A template-matching event.

Converter modes (re-exported from hardware module):

class presto.pulsed.AdcMode(value)

Configuration for analog-to-digital converters (ADC), i.e. input channels

See AdcMode for full documentation

class presto.pulsed.DacMode(value)

Configuration for digital-to-analog converters (DAC), i.e. output channels

See DacMode for full documentation

Converter sampling rates (re-exported from hardware module):

class presto.pulsed.AdcFSample(value)

Sampling rate setting for analog-to-digital converters (ADC), i.e. input channels

See AdcFSample for full documentation

class presto.pulsed.DacFSample(value)

Sampling rate setting for digital-to-analog converters (DAC), i.e. output channels

See DacFSample for full documentation

Module constants:

presto.pulsed.MAX_LUT_ENTRIES = 512

maximum length of frequency/phase and scale look-up tables

presto.pulsed.MAX_COMMANDS = 10736

maximum number of commands (trigger events) in an experiment sequence

presto.pulsed.MAX_STORE_LEN = 1048576

maximum number of samples in a contiguous acquisition window (store)

presto.pulsed.MAX_TEMPLATE_LEN = 2044

maximum number of data points in a single template slot

presto.pulsed.MAX_THRESHOLD = 8590458904.000975

maximum threshold/result value for a template match


Pulsed class

class presto.pulsed.Pulsed(ext_ref_clk=False, force_reload=False, dry_run=False, address=None, port=None, adc_mode=<AdcMode.Direct: 0>, adc_fsample=<AdcFSample.G2: 0>, dac_mode=<DacMode.Direct: 0>, dac_fsample=<DacFSample.G4: 1>)

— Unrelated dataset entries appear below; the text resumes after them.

(* e = <op, proc, loc, data>; processors/locations are 1-based nats,
   data 0 is the initial value. *)
Record mevent := MEv { op : op_t; proc : nat; loc : nat; data : nat }.

Definition in_E (n m v : nat) (e : mevent) : Prop :=
  1 <= proc e <= n /\ 1 <= loc e <= m /\ data e <= v.

Inductive letter (I : Type) := Mem of mevent | Int of I.

Definition trace_of_run (I : Type) (r : seq (letter I)) : seq mevent :=
  pmap (fun l => match l with Mem e => Some e | Int _ => None end) r.

Definition regular (A : Type) (Lang : seq A -> Prop) : Prop :=
  exists (Q : finType) (q0 : Q) (d : Q -> A -> Q) (F : pred Q),
    forall r, Lang r <-> F (foldl d q0 r).

Record memsys := MemSys {
  ilet : nat -> nat -> nat -> finType;
  runs : forall n m v, seq (letter (ilet n m v)) -> Prop;
  runs_alphabet : forall n m v (r : seq (letter (ilet n m v))), runs r ->
     forall k, k < size (trace_of_run r) ->
       in_E n m v (nth (MEv OpR 0 0 0) (trace_of_run r) k);
  runs_regular : forall n m v, 1 <= n -> 1 <= m -> 1 <= v ->
     regular (@runs n m v)
}.

Definition is_trace (S : memsys) (n m v : nat) (tau : seq mevent) : Prop :=
  exists r : seq (letter (ilet S n m v)), @runs S n m v r /\ trace_of_run r = tau.

Definition dflt_ev : mevent := MEv OpR 0 0 0.
Definition at_ (tau : seq mevent) (k : nat) : mevent := nth dflt_ev tau k.-1.
Definition is_pos (tau : seq mevent) (k : nat) : Prop := 1 <= k <= size tau.

Definition Pset (tau : seq mevent) (i k : nat) : Prop :=
  is_pos tau k /\ proc (at_ tau k) = i.
Definition Lset (tau : seq mevent) (j k : nat) : Prop :=
  is_pos tau k /\ loc (at_ tau k) = j.
Definition Lw (tau : seq mevent) (j k : nat) : Prop :=
  Lset tau j k /\ op (at_ tau k) = OpW.
Definition Lr (tau : seq mevent) (j k : nat) : Prop :=
  Lset tau j k /\ op (at_ tau k) = OpR.

Definition unambiguous (tau : seq mevent) : Prop :=
  forall j x, Lw tau j x ->
    data (at_ tau x) <> 0 /\
    forall y, Lw tau j y -> y <> x -> data (at_ tau x) <> data (at_ tau y).

Definition causality (S : memsys) : Prop :=
  forall n m v, 1 <= n -> 1 <= m -> 1 <= v ->
  forall tau, is_trace S n m v tau ->
  forall j x, Lr tau j x ->
    data (at_ tau x) = 0 \/
    exists y, Lw tau j y /\ data (at_ tau x) = data (at_ tau y).

Definition M (tau : seq mevent) (i u w : nat) : Prop :=
  Pset tau i u /\ Pset tau i w /\ u < w.

Definition witness_t := seq mevent -> nat -> nat -> nat -> Prop.

Definition strict_total_on (A : nat -> Prop) (rel : nat -> nat -> Prop) : Prop :=
  (forall x y, rel x y -> A x /\ A y) /\
  (forall x, ~ rel x x) /\
  (forall x y z, rel x y -> rel y z -> rel x z) /\
  (forall x y, A x -> A y -> x <> y -> rel x y \/ rel y x).

Definition is_witness (S : memsys) (n m v : nat) (Om : witness_t) : Prop :=
  forall tau, is_trace S n m v tau ->
  forall j, 1 <= j <= m -> strict_total_on (Lw tau j) (Om tau j).

Definition Omega_e (Om : witness_t) (tau : seq mevent) (j x y : nat) : Prop :=
  Lset tau j x /\ Lset tau j y /\
  ( (data (at_ tau x) = data (at_ tau y) /\ op (at_ tau x) = OpW
       /\ op (at_ tau y) = OpR)
  \/ (data (at_ tau x) = 0 /\ data (at_ tau y) <> 0)
  \/ (exists a b, Lw tau j a /\ Lw tau j b /\ Om tau j a b /\
        data (at_ tau a) = data (at_ tau x) /\
        data (at_ tau b) = data (at_ tau y)) ).

Definition Gedge (n m : nat) (Om : witness_t) (tau : seq mevent) (x y : nat) : Prop :=
  (exists i, 1 <= i <= n /\ M tau i x y) \/
  (exists j, 1 <= j <= m /\ Omega_e Om tau j x y).

Definition has_cycle (n m : nat) (Om : witness_t) (tau : seq mevent) : Prop :=
  exists (l : nat) (w : nat -> nat), 1 <= l /\
    (forall t, t < l -> is_pos tau (w t)) /\
    (forall t s, t < l -> s < l -> w t = w s -> t = s) /\
    (forall t, t < l -> Gedge n m Om tau (w t) (w (t.+1 %% l))).

Definition csucc (k x : nat) : nat := if x < k then x.+1 else 1.

Definition nice_cycle (n m : nat) (Om : witness_t) (tau : seq mevent) (k : nat)
    (u w : nat -> nat) : Prop :=
  (forall x y, 1 <= x <= k -> 1 <= y <= k -> u x = u y -> x = y) /\
  (forall x y, 1 <= x <= k -> 1 <= y <= k -> w x = w y -> x = y) /\
  (forall x y, 1 <= x <= k -> 1 <= y <= k -> u x <> w y) /\
  (forall x, 1 <= x <= k -> is_pos tau (u x) /\ is_pos tau (w x)) /\
  (forall x, 1 <= x <= k ->
     (exists i, 1 <= i <= n /\ M tau i (u x) (w x)) /\
     (exists j, 1 <= j <= m /\ Omega_e Om tau j (w x) (u (csucc k x)))) /\
  (forall x y, 1 <= x -> x < y -> y <= k -> forall i i',
     1 <= i <= n -> 1 <= i' <= n ->
     M tau i (u x) (w x) -> M tau i' (u y) (w y) -> i <> i') /\
  (forall x y, 1 <= x -> x < y -> y <= k -> forall j j',
     1 <= j <= m -> 1 <= j' <= m ->
     Omega_e Om tau j (w x) (u (csucc k x)) ->
     Omega_e Om tau j' (w y) (u (csucc k y)) -> j <> j').

Definition has_nice_cycle (n m : nat) (Om : witness_t) (tau : seq mevent) (k : nat) : Prop :=
  exists u w : nat -> nat, nice_cycle n m Om tau k u w.

From mathcomp Require Import all_boot zify.
From Stdlib Require Import Classical.

Set Implicit Arguments. Unset Strict Implicit. Unset Printing Implicit Defensive.

(* Take a cycle of G(Omega)(tau) without chords.  Program order M(tau, i) is
   transitive, and by causality and unambiguity each Omega^e(tau, j) is a
   strict weak order on L(tau, j) (irreflexive, transitive and negatively
   transitive).  Transitivity forbids two consecutive edges of the same
   processor or location, so the edges of a chordless cycle alternate between
   program-order edges and Omega^e edges, and its length is even, say 2k.
   Two of its program-order edges of one processor, or two of its Omega^e
   edges of one location, would yield a chord ("p < q and r < s imply p < s
   or r < q" holds in both kinds of orders), so processors and locations
   along the cycle are pairwise distinct, whence k <= n and k <= m. *)

Lemma eq_mod_window L b t s :
  b <= t < b + L -> b <= s < b + L -> t %% L = s %% L -> t = s.
Proof.
wlog le_ts : t s / t <= s.
  move=> H ht hs e; case: (leqP t s) => [le_ts | lt_st]; first exact: H.
  by apply/esym/H => //; apply: ltnW.
move=> /andP[bt tL] /andP[bs sL] e.
have : L %| s - t by rewrite -eqn_mod_dvd // e.
case: (posnP (s - t)) => [st0 | st_gt0]; first lia.
move/(dvdn_leq st_gt0); lia.
Qed.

Use the hardware in pulsed mode.

Warning

Create only one instance at a time. Use each instance for only one measurement. This class is designed to be instantiated with Python’s with statement, see Examples section.

Parameters
  • ext_ref_clk (optional) – if None or False use internal reference clock; if True use external reference clock (10 MHz); if float or int use external reference clock at ext_ref_clk Hz

  • force_reload (bool, optional) – if True re-configure clock and reload firmware even if there’s no change from the previous settings.

  • dry_run (bool, optional) – if False don’t connect to hardware, for testing only.

  • address (str, optional) – IP address or hostname of the hardware. If None, use factory default “192.168.42.50”.

  • port (int, optional) – port number of the server running on the hardware. If None, use factory default 7878.

  • adc_mode (hardware.AdcMode or list, optional) – configure the inputs to sample in direct mode (default), or to use the digital mixers for downconversion. See Notes.

  • adc_fsample (hardware.AdcFSample or list, optional) – configure the inputs sampling rate (default 2 GS/s). See Notes.

  • dac_mode (hardware.DacMode or list, optional) – configure the outputs to work in direct mode (default), to use the digital mixers for upconversion. See Notes.

  • dac_fsample (hardware.DacFSample or list, optional) – configure the outputs sampling rate (default 4 GS/s). See Notes.

Raises

ValueError – if adc_mode or dac_mode are not valid Converter modes; if adc_fsample or dac_fsample are not valid Converter rates.

Notes

In all the Examples, it is assumed that the imports import numpy as np and from presto import pulsed have been performed, and that this class has been instantiated in the form pls = pulsed.Pulsed(), or, much much better, using the with pulsed.Pulsed() as pls construct as below.

For valid values of adc_mode and dac_mode, see Converter modes. For valid values of adc_fsample and dac_fsample, see Converter rates. For advanced configuration, e.g. different converter rates on different ports, see Advanced tile configuration.

Examples

Output a 2 ns pulse on output port 1 every 100 \(\mu\)s, and sample 1 \(\mu\)s of data from input port 1. Repeat 10 times, average 10_000 times.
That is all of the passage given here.